The Blink camera only captures a set amount of footage after it detects activity, and this clip length is set by the user. You can also set the 'retrigger time' or the amount of time the camera will stay idle before recording another clip. Setting a shorter clip length will save you storage space, but also means you may miss the the action you were trying to capture with your camera in the first place. We think it would be more efficient to simply capture video when the camera sees motion, and to stop recording when that motion ceases.
The Blink does have a surprisingly good microphone. Conversations were almost always easily understandable, with the sound quality being just slightly inferior to that of the Nest Cam in our testing. It does not offer 2-way audio.
The Blink produced far and away the worst looking video in our testing. It earned the worst score of 3 out of 10 in this metric, where all other scores fell between 5 and 8. Daytime video was noticeable pixelated, but still usable (you could easily identify a face if some paused and looked at the camera). Switching over to night vision is the where the quality really went downhill. This is the only camera we tested that does not use infrared night vision. Instead it turns on a bright LED when it sees motion at night. Apart from being very conspicuous this system produced very grainy video in our testing, making this the worst nighttime camera we tested.
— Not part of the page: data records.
(* Let $n,k$ be integers with $2<2k\le n$ such that $\mathrm{Pet}(n,k)$ is not bipartite (equivalently, it is not the case that $n$ is even and $k$ is odd). Write $d=\gcd(n,k)$ and define the index set $$\mathrm{Ind}(n,k)=\begin{cases}\{t \mid t \text{ odd},\ 0\le t\le \min\{\tfrac{2k}{d},\ \lfloor\tfrac{(k-1)^2}{n}\rfloor+1\}\} & \text{if } k \text{ and } n \text{ are odd},\\ \{t\in\mathbb{Z} \mid 0<t\le \min\{\tfrac{2k}{d},\ \lfloor\tfrac{(k-1)^2}{n}\rfloor\}\} & \text{if } \tfrac{n}{d} \text{ is odd and } k \text{ is even},\\ \{t\in\mathbb{Z} \mid 0<t\le \min\{\tfrac{k}{d},\ \lfloor\tfrac{(k-1)^2}{n}\rfloor\}\} & \text{if } \tfrac{n}{d} \text{ and } k \text{ are even},\end{cases}$$ and $$\mathcal{G}=\bigcup_{t\in \mathrm{Ind}(n,k)}\Big\{\,tn+(1-k)\lfloor \tfrac{tn}{k}\rfloor+2,\ \ (1+k)\lceil \tfrac{tn}{k}\rceil-tn+2\,\Big\}.$$ Then, with $\mathbb{O}$ the set of odd integers, $$g_{odd}(\mathrm{Pet}(n,k))=\min\Big(\big(\{\tfrac{n}{d},\ k+3\}\cup\mathcal{G}\big)\cap\mathbb{O}\Big).$$
   Context: For integers $n,k$ with $2<2k\le n$, the generalized Petersen graph $\mathrm{Pet}(n,k)$ has vertex set $\{u_0,\dots,u_{n-1}\}\cup\{v_0,\dots,v_{n-1}\}$ and edge set $\{u_iu_{i+1}\}\cup\{u_iv_i\}\cup\{v_iv_{i+k}\}$, $i\in\{0,\dots,n-1\}$, with indices taken modulo $n$. For a non-bipartite graph $G$, the odd girth $g_{odd}(G)$ is the length of a shortest odd cycle of $G$. *)

From HB Require Import structures.
From mathcomp Require Import all_boot all_order all_algebra.
Set Implicit Arguments. Unset Strict Implicit. Unset Printing Implicit Defensive.
Import Order.TTheory GRing.Theory Num.Theory.

(* Vertices of Pet(n,k): (false, i) = u_i (outer), (true, i) = v_i (inner). *)
Definition pet_vertex (n : nat) := (bool * 'I_n)%type.

Definition petE (n k : nat) : rel (pet_vertex n) :=
  fun x y =>
    match x, y with
    | (false, i), (false, j) =>
        ((val i).+1 %% n == val j) || ((val j).+1 %% n == val i)
    | (true, i), (true, j) =>
        ((val i + k) %% n == val j) || ((val j + k) %% n == val i)
    | (false, i), (true, j) => val i == val j
    | (true, i), (false, j) => val i == val j
    end.

Definition is_graph_cycle (T : eqType) (e : rel T) (c : seq T) : Prop :=
  2 < size c /\ ucycle e c.

Definition is_least_nat (P : nat -> Prop) (L : nat) : Prop :=
  P L /\ forall x, P x -> L <= x.
Definition is_least_int (P : int -> Prop) (L : int) : Prop :=
  P L /\ forall x, P x -> (L <= x)%R.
This video shows daytime footage from the blink, then shows the odd LED night vision that it uses.
App Ease of Use
The associated app is one place where the Blink camera shined. It earned an 8 out of 10 in this metric, just off the top score of 9 and much better than the low score of 5. The app made it very easy to set schedules, adjust video capture setting, and to browse and manage video history. However, the Nest app felt just bit more intuitive in comparison, which kept the Blink app from earning a top score.
Real Time Viewing
The Blink was one of the worst performers in our real time viewing tests, sharing the bottom score of 5. This was a good bit worse than the top score of 8. In our testing the Blink had only a five second latency, which was quite good and only two seconds behind the top performing model. However the video stream was fairly low resolution and choppy. It also stops the stream every 30 seconds to ask if you want to keep watching, which can either be annoying or a good reminder that you should be working instead of watching your dog…
The Blink camera can be set on any horizontal surface or mounted on a vertical surface via adhesive or an included mount that installs with a single screw. The Blink is wireless and runs off of 2 AA lithium batteries. The camera communicates with a central sync module that must be plugged into a standard outlet. Up to 10 cameras can be connected to a single sync module.
A single Blink camera and sync module lists for $100. You can also get a pack of five cameras and a single sync module for $350. We far preferred the YI Dome Camera, which costs $70 for one camera or $350 for five. In our opinion that is a much better value than the Blink system.
The Blink camera offers a budget option for creating a multi-camera system, but does so with large sacrifices in performance. We would prefer buying multiple YI Domes to multiple Blinks, as long as you don't need the wireless functionality of the Blink.